### PROBLEM STATEMENT
Start at the line below containing "Local Notation C := (R[i])." and stop at the line containing "Definition bilmap (k". Repeat every line of that stretch exactly, and nothing outside it.

-- Opening Marker --

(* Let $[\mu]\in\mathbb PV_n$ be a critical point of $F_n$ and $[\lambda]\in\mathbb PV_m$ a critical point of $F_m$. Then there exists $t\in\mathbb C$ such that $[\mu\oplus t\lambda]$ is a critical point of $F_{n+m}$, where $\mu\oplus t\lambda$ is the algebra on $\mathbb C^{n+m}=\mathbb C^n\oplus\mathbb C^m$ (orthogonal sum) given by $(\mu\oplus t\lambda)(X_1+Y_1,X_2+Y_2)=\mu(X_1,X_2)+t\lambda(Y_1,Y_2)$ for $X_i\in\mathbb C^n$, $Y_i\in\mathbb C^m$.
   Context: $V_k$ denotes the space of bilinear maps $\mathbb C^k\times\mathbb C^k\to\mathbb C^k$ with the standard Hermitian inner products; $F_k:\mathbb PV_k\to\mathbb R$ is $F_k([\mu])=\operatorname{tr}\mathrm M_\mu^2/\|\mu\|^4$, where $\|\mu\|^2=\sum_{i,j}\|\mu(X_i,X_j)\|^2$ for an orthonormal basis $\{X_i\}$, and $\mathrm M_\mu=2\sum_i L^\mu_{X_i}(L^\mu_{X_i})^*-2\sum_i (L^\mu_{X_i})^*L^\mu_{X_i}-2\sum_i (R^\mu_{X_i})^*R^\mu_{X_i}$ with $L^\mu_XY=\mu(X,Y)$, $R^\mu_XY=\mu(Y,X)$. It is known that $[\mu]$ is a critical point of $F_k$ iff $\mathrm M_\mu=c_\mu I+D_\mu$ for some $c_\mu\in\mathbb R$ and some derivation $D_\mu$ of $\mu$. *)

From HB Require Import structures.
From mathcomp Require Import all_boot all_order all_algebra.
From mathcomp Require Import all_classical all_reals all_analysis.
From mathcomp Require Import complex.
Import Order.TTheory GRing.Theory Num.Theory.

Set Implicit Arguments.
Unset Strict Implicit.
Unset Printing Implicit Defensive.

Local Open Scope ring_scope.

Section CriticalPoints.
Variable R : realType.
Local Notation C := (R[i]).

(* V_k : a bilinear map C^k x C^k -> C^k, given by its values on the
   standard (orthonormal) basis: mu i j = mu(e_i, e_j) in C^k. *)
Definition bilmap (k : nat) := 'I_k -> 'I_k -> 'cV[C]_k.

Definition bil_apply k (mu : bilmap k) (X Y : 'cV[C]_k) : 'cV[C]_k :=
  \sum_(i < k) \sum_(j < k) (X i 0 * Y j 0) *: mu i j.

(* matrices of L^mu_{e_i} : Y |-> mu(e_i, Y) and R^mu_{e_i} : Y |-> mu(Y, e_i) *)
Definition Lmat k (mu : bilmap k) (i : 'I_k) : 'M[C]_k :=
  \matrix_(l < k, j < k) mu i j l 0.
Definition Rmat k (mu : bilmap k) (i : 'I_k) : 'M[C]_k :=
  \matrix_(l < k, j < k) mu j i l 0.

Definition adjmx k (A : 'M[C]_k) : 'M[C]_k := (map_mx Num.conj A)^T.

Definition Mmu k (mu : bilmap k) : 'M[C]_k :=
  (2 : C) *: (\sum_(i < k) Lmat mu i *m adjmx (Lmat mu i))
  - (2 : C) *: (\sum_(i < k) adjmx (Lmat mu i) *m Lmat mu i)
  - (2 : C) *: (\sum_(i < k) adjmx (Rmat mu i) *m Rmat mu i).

-- Closing Marker --

### EXPECTED ANSWER
Local Notation C := (R[i]).

(* V_k : a bilinear map C^k x C^k -> C^k, given by its values on the
   standard (orthonormal) basis: mu i j = mu(e_i, e_j) in C^k. *)
Definition bilmap (k : nat) := 'I_k -> 'I_k -> 'cV[C]_k.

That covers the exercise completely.